__Task details__: Write only the number of lines in the entries that hold the string "realType".

__Supplied records__:
(* Let $n\ge2$ and let $\mathbf{r}$ be an $\mathbb{R}^n$-valued random vector with $\mathbb{E}|r_i|<\infty$ for all $i$; set $\mathbf{R}=e^{\mathbf{r}}$ (componentwise), $\mathbf{m}=\mathbb{E}[\mathbf{r}]$, and $J(\boldsymbol{\pi})=\mathbb{E}[\gamma(\boldsymbol{\pi},\mathbf{r})]=\mathbb{E}[\log\langle\boldsymbol{\pi},\mathbf{R}\rangle]-\langle\boldsymbol{\pi},\mathbf{m}\rangle$ for $\boldsymbol{\pi}\in\Delta_n$ (which is finite). Then $\boldsymbol{\pi}^\star\in\Delta_n$ maximizes $J$ over $\Delta_n$ if and only if $$\mathbb{E}\Big[\frac{\langle\boldsymbol{\pi},\mathbf{R}\rangle}{\langle\boldsymbol{\pi}^\star,\mathbf{R}\rangle}\Big]\le1+\langle\boldsymbol{\pi}-\boldsymbol{\pi}^\star,\mathbf{m}\rangle\quad\text{for every }\boldsymbol{\pi}\in\Delta_n,$$ with equality for every $\boldsymbol{\pi}\in\Delta_n$ satisfying $\supp(\boldsymbol{\pi})\subseteq\supp(\boldsymbol{\pi}^\star)$.
   Context: $\Delta_n=\{\mathbf{x}\in[0,1]^n:\sum_ix_i=1\}$; $\supp(\mathbf{x})=\{i:x_i>0\}$. For $\boldsymbol{\pi}\in\Delta_n$ and $\mathbf{r}\in\mathbb{R}^n$, $\gamma(\boldsymbol{\pi},\mathbf{r})=\log\big(\sum_{i\in\supp(\boldsymbol{\pi})}\pi_ie^{r_i}\big)-\sum_{i\in\supp(\boldsymbol{\pi})}\pi_ir_i$. The expectation of a nonnegative random variable may equal $+\infty$. *)

From HB Require Import structures.
From mathcomp Require Import all_boot all_order all_algebra.
From mathcomp Require Import all_classical all_reals all_analysis.
Set Implicit Arguments. Unset Strict Implicit. Unset Printing Implicit Defensive.
Import Order.TTheory GRing.Theory Num.Theory.
Local Open Scope ring_scope.

Definition simplex (R : realType) (n : nat) (x : 'I_n -> R) : Prop :=
  (forall i, 0 <= x i) /\ \sum_(i < n) x i = 1.

Definition supp_sub (R : realType) (n : nat) (x y : 'I_n -> R) : Prop :=
  forall i, 0 < x i -> 0 < y i.

Definition dotv (R : realType) (n : nat) (x y : 'I_n -> R) : R :=
  \sum_(i < n) x i * y i.

Definition gamma (R : realType) (n : nat) (p r : 'I_n -> R) : R :=
  ln (\sum_(i < n | 0 < p i) p i * expR (r i)) - \sum_(i < n | 0 < p i) p i * r i.

Definition expv (R : realType) (n : nat) (r : 'I_n -> R) : 'I_n -> R :=
  fun i => expR (r i).

Section Obj.
Context (d : measure_display) (T : measurableType d) (R : realType)
  (P : probability T R) (n : nat) (r : T -> 'I_n -> R).

Definition meanv : 'I_n -> R := fun i => fine (\int[P]_x (r x i)%:E).

Definition Jobj (p : 'I_n -> R) : \bar R := \int[P]_x (gamma p (r x))%:E.
End Obj.

From HB Require Import structures.
From mathcomp Require Import all_boot all_order all_algebra.
From mathcomp Require Import all_classical all_reals all_analysis.
From mathcomp Require Import measurable_realfun ring lra.
Set Implicit Arguments. Unset Strict Implicit.
Import Order.TTheory GRing.Theory Num.Theory.
Local Open Scope ring_scope.

(* The objective J(p) = E[ln <p, R>] - <p, m> is concave in p.  Write
   Q = <p, R> / <pstar, R>.  If pstar is optimal, comparing J at pstar and at
   the mixture (1 - t) pstar + t p gives E[ln (t Q + 1 - t)] <= t <p - pstar, m>;
   a quadratic lower bound of ln near 1, applied to Q truncated at M, lets
   t -> 0, and monotone convergence in M then yields
   E[Q] <= 1 + <p - pstar, m>.  When supp p is contained in supp pstar, the
   extrapolation (1 + s) pstar - s p is still a portfolio for small s > 0, its
   ratio is 1 + s - s Q, and the same inequality for it is the reverse one.
   Conversely, ln Q <= Q - 1 turns the inequality into J(p) <= J(pstar). *)

Section Simplex.
Context (R : realType) (n : nat).
Implicit Types (p q z : 'I_n -> R).

Lemma dotv_comb a b p q z :
  dotv (fun i => a * p i + b * q i) z = a * dotv p z + b * dotv q z.
Proof.
rewrite /dotv !mulr_sumr -big_split /=; apply: eq_bigr => i _.
by rewrite mulrDl !mulrA.
Qed.

Lemma dotvBl p q z : dotv (fun i => p i - q i) z = dotv p z - dotv q z.
Proof. by rewrite /dotv -sumrB; apply: eq_bigr => i _; rewrite mulrBl. Qed.

Lemma simplex_le1 p : simplex p -> forall i, p i <= 1.
Proof.
move=> [p0 p1] i; rewrite -p1 (bigD1 i) //= lerDl.
by apply: sumr_ge0 => j _.
Qed.

Lemma simplex_comb p q a : simplex p -> simplex q -> 0 <= a <= 1 ->
  simplex (fun i => (1 - a) * p i + a * q i).
Proof.
move=> [p0 p1] [q0 q1] /andP[a0 a1]; split.
  by move=> i; rewrite addr_ge0 // mulr_ge0 // subr_ge0.
by rewrite big_split /= -!mulr_sumr p1 q1 !mulr1 subrK.
Qed.
(* Let $L_*\ge3$ and let $\{G_n\}_{n\in\mathbb N}$ be the replacement graphs of the iterated graph system $\mathfrak R(1,L_* )$. Then for every $m>1$, every non-collapsing path in $G_m$ contains at most two distinct vertices.
   Context: Graphs: $(V,E)$, $V$ finite non-empty, $E\subseteq V\times V$, $(x,y)\in E\Rightarrow(y,x)\notin E$; $\{x,y\}\in E$ means either orientation; a path is a sequence $[x_1,\dots,x_k]$ with $\{x_i,x_{i+1}\}\in E$. An iterated graph system consists of a connected graph $G_1=(S,E)$, a finite set $\mathcal T$ of types, a surjective typing $\mathfrak t:E\to\mathcal T$ and non-empty gluing rules $I_t\subseteq S\times S$. With $W_m=S^m$, $[w]_k=w_1\cdots w_k$ and $|w\wedge v|=\min\{k:[w]_k\ne[v]_k\}$ for distinct words of equal length, the replacement graphs $G_m=(W_m,E_m)$ are defined recursively: $(w,v)\in E_{m+1}$ iff either (1) $[w]_m=[v]_m$ and $(w_{m+1},v_{m+1})\in E$ (type $\mathfrak t(w_{m+1},v_{m+1})$), or (2) $([w]_m,[v]_m)\in E_m$ and $(w_{m+1},v_{m+1})\in I_{\mathfrak t([w]_m,[v]_m)}$ (type $\mathfrak t([w]_m,[v]_m)$). The system $\mathfrak R(1,L_* )$ has $S=\{1,\dots,L_*\}$, a single type $t_1$, edges $E=\{(k,k+1):1\le k<L_*\}$ all of type $t_1$, and $I_{t_1}=\{(L_*,1)\}$. For $n>1$, a path $[w^{(1)},\dots,w^{(k)}]$ in $G_n$ is non-collapsing if $|w^{(i)}\wedge w^{(i+1)}|<n$ for all $i=1,\dots,k-1$. *)

From mathcomp Require Import all_boot.
Set Implicit Arguments. Unset Strict Implicit. Unset Printing Implicit Defensive.

Section IGS.
Variables (S : eqType) (T : Type).
Variables (alph : seq S) (E : rel S) (typ : S -> S -> T) (I : T -> rel S).

Definition igs_vertex (m : nat) (w : seq S) : bool :=
  (size w == m) && all (fun a => a \in alph) w.

(* E_0 is empty (G_0 is the single empty word); the recursion at m = 0
   therefore yields exactly G_1 = (S, E) with typing typ.  For m.+1:
   rule (1): same m-prefix and (w_{m+1}, v_{m+1}) in E (type typ ..);
   rule (2): (prefix w, prefix v) in E_m with type t and
             (w_{m+1}, v_{m+1}) in I_t (type t). *)
Fixpoint igs_edge (m : nat) (w v : seq S) : option T :=
  match m with
  | 0 => None
  | m'.+1 =>
    match drop m' w, drop m' v with
    | [:: a], [:: b] =>
        if (take m' w == take m' v) && E a b then Some (typ a b)
        else match igs_edge m' (take m' w) (take m' v) with
             | Some t => if I t a b then Some t else None
             | None => None
             end
    | _, _ => None
    end
  end.

Definition igs_edgeb (m : nat) (w v : seq S) : bool :=
  if igs_edge m w v is Some _ then true else false.

Definition igs_adj (m : nat) (w v : seq S) : bool :=
  igs_edgeb m w v || igs_edgeb m v w.

Definition igs_path (m : nat) (p : seq (seq S)) : Prop :=
  all (igs_vertex m) p /\
  (forall i, i.+1 < size p -> igs_adj m (nth [::] p i) (nth [::] p i.+1)).
End IGS.

Definition wedge {S : eqType} (w v : seq S) : nat :=
  find (fun k => take k w != take k v) (iota 0 (size w).+1).

Definition noncollapsing {S : eqType} (n : nat) (p : seq (seq S)) : Prop :=
  forall i, i.+1 < size p -> wedge (nth [::] p i) (nth [::] p i.+1) < n.

Definition R1_alph (L : nat) : seq nat := iota 1 L.
Definition R1_E (L : nat) : rel nat := fun a b => (1 <= a) && (a < L) && (b == a.+1).
Definition R1_typ : nat -> nat -> unit := fun _ _ => tt.
Definition R1_I (L : nat) : unit -> rel nat := fun _ a b => (a == L) && (b == 1).

Definition R1_path (L m : nat) (p : seq (seq nat)) : Prop :=
  igs_path (R1_alph L) (R1_E L) R1_typ (R1_I L) m p.

From mathcomp Require Import all_boot.

(* An edge of G_(n+1) of R(1,L) whose endpoints have different n-prefixes can
   only come from the gluing rule: it goes from a word ending in L to a word
   ending in 1, and projects onto an edge of G_n.  Since every vertex of G_n
   has at most one out-neighbour and at most one in-neighbour, and L <> 1, two
   consecutive non-collapsing steps w - v - x are either both glued into v or
   both glued out of v, which forces x = w.  A non-collapsing path therefore
   alternates between its first two vertices. *)

Lemma wedge_take_neq (S : eqType) (w v : seq S) k :
  k <= size w -> wedge w v <= k -> take k w != take k v.
Proof.
rewrite /wedge => le_k_w le_wedge_k.
set P := fun j => take j w != take j v.
have idx_lt : find P (iota 0 (size w).+1) < (size w).+1.
  by rewrite ltnS (leq_trans le_wedge_k).
have := @nth_find _ 0 P (iota 0 (size w).+1).
rewrite has_find size_iota nth_iota // add0n => /(_ idx_lt).
apply: contra => /eqP eq_take; apply/eqP.
by rewrite -(take_takel _ le_wedge_k) eq_take take_takel.
Qed.

Lemma undup_size_le2_period2 (T : eqType) (x0 : T) (p : seq T) :
  (forall i, i.+2 < size p -> nth x0 p i.+2 = nth x0 p i) ->
  size (undup p) <= 2.
Proof.
move=> period2.
have nth_odd i : i < size p -> nth x0 p i = nth x0 p (odd i).
  elim/ltn_ind: i => -[|[|i]] IH lt_i_p //=.
  rewrite period2 // IH ?negbK //.
  exact: ltn_trans lt_i_p.
apply: (@leq_trans (size [:: nth x0 p 0; nth x0 p 1])) => //.
apply: uniq_leq_size (undup_uniq p) _ => x; rewrite mem_undup.
case/(nthP x0) => i lt_i_p <-; rewrite nth_odd //.
by case: (odd i); rewrite !inE eqxx ?orbT.
Qed.

Section R1Edges.
Local Set Implicit Arguments.
Local Unset Strict Implicit.

Variable L : nat.

Local Notation edge n w v := (igs_edgeb (R1_E L) R1_typ (R1_I L) n w v).
Local Notation adj n w v := (igs_adj (R1_E L) R1_typ (R1_I L) n w v).

Lemma R1_edgeS n w v : edge n.+1 w v ->
  exists c d, [/\ drop n w = [:: c], drop n v = [:: d] &
    [/\ take n w = take n v, 0 < c < L & d = c.+1] \/
    [/\ edge n (take n w) (take n v), c = L & d = 1]].
Proof.
rewrite /igs_edgeb /=.
case: (drop n w) => [|c [|? ?]] //; case: (drop n v) => [|d [|? ?]] //.
move=> e_wv; exists c, d; split=> //; move: e_wv.
case: ifP => [/andP[/eqP eq_take] | _].
  by rewrite /R1_E => /andP[c_range /eqP ->] _; left.
case: (igs_edge _ _ _ n _ _) => [t|] //.
by rewrite /R1_I; case: ifP => // /andP[/eqP -> /eqP ->] _; right.
Qed.

Lemma R1_edge_fun n w v1 v2 : edge n w v1 -> edge n w v2 -> v1 = v2.
Proof.
elim: n w v1 v2 => [|n IH] w v1 v2 //.
case/R1_edgeS=> c [d1 [w_c v1_d1 e1]] /R1_edgeS [c' [d2 [w_c' v2_d2 e2]]].
move: w_c'; rewrite w_c => -[eq_c].
rewrite -(cat_take_drop n v1) -(cat_take_drop n v2) v1_d1 v2_d2.
case: e1 e2 => -[e1 c_lt d1E] [] [e2 c_lt' d2E]; subst.
- by rewrite -e1 -e2.
- by rewrite ltnn andbF in c_lt.
- by rewrite ltnn andbF in c_lt'.
- by rewrite (IH _ _ _ e1 e2).
Qed.

Lemma R1_edge_inj n w1 w2 v : edge n w1 v -> edge n w2 v -> w1 = w2.
Proof.
elim: n w1 w2 v => [|n IH] w1 w2 v //.
case/R1_edgeS=> c1 [d [w1_c1 v_d e1]] /R1_edgeS [c2 [d' [w2_c2 v_d' e2]]].
move: v_d'; rewrite v_d => -[eq_d].
rewrite -(cat_take_drop n w1) -(cat_take_drop n w2) w1_c1 w2_c2.
case: e1 e2 => -[e1 c1_lt dE] [] [e2 c2_lt dE']; subst.
- by case: dE' => ->; rewrite e1 e2.
- by case: dE' c1_lt => ->.
- by case: dE' c2_lt => <-.
- by rewrite (IH _ _ _ e1 e2).
Qed.

Lemma R1_edge_glue n w v : edge n.+1 w v -> take n w != take n v ->
  [/\ drop n w = [:: L], drop n v = [:: 1] & edge n (take n w) (take n v)].
Proof.
by case/R1_edgeS=> c [d [-> -> [[-> _ _] | [e_wv -> ->]]]]; rewrite ?eqxx.
Qed.

Hypothesis L_neq1 : L != 1.

Lemma R1_adj_glue_backtrack n w v x : adj n.+1 w v -> adj n.+1 v x ->
  take n w != take n v -> take n v != take n x -> w = x.
Proof.
have glue_eq a b : take n a = take n b -> drop n a = drop n b -> a = b.
  move=> eq_take eq_drop.
  by rewrite -(cat_take_drop n a) eq_take eq_drop cat_take_drop.
case/orP=> e_wv /orP[] e_vx wv_neq vx_neq.
- have [_ v_1 _] := R1_edge_glue e_wv wv_neq.
  have [v_L _ _] := R1_edge_glue e_vx vx_neq.
  by move: L_neq1; rewrite v_L in v_1; case: v_1 => ->.
- rewrite eq_sym in vx_neq.
  have [w_L _ e_wv'] := R1_edge_glue e_wv wv_neq.
  have [x_L _ e_xv'] := R1_edge_glue e_vx vx_neq.
  by apply: glue_eq; [apply: R1_edge_inj e_wv' e_xv' | rewrite w_L x_L].
- rewrite eq_sym in wv_neq.
  have [_ w_1 e_vw'] := R1_edge_glue e_wv wv_neq.
  have [_ x_1 e_vx'] := R1_edge_glue e_vx vx_neq.
  by apply: glue_eq; [apply: R1_edge_fun e_vw' e_vx' | rewrite w_1 x_1].
- rewrite eq_sym in wv_neq; rewrite eq_sym in vx_neq.
  have [v_L _ _] := R1_edge_glue e_wv wv_neq.
  have [_ v_1 _] := R1_edge_glue e_vx vx_neq.
  by move: L_neq1; rewrite v_L in v_1; case: v_1 => ->.
Qed.

End R1Edges.

Theorem lemma5p6 (L : nat) (HL : 3 <= L) (m : nat) (Hm : 1 < m)
  (p : seq (seq nat)) :
  R1_path L m p -> noncollapsing m p -> size (undup p) <= 2.
Proof.
case: m Hm => [|n] // _ [vert_p adj_p] nc_p.
have L_neq1 : L != 1 by apply: contraTneq HL => ->.
have size_nth i : i < size p -> size (nth [::] p i) = n.+1.
  by move=> lt_i_p; have /andP[/eqP -> _] := all_nthP [::] vert_p i lt_i_p.
have step_glued i : i.+1 < size p ->
    take n (nth [::] p i) != take n (nth [::] p i.+1).
  move=> lt_i_p; apply: wedge_take_neq; last exact: nc_p.
  by rewrite size_nth // ltnW.
apply: (@undup_size_le2_period2 _ [::]) => i lt_i_p; symmetry.
apply: (R1_adj_glue_backtrack L_neq1 _ (adj_p i.+1 lt_i_p)).
- exact/adj_p/ltnW.
- exact/step_glued/ltnW.
- exact: step_glued.
Qed.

__Exercise answer__: 7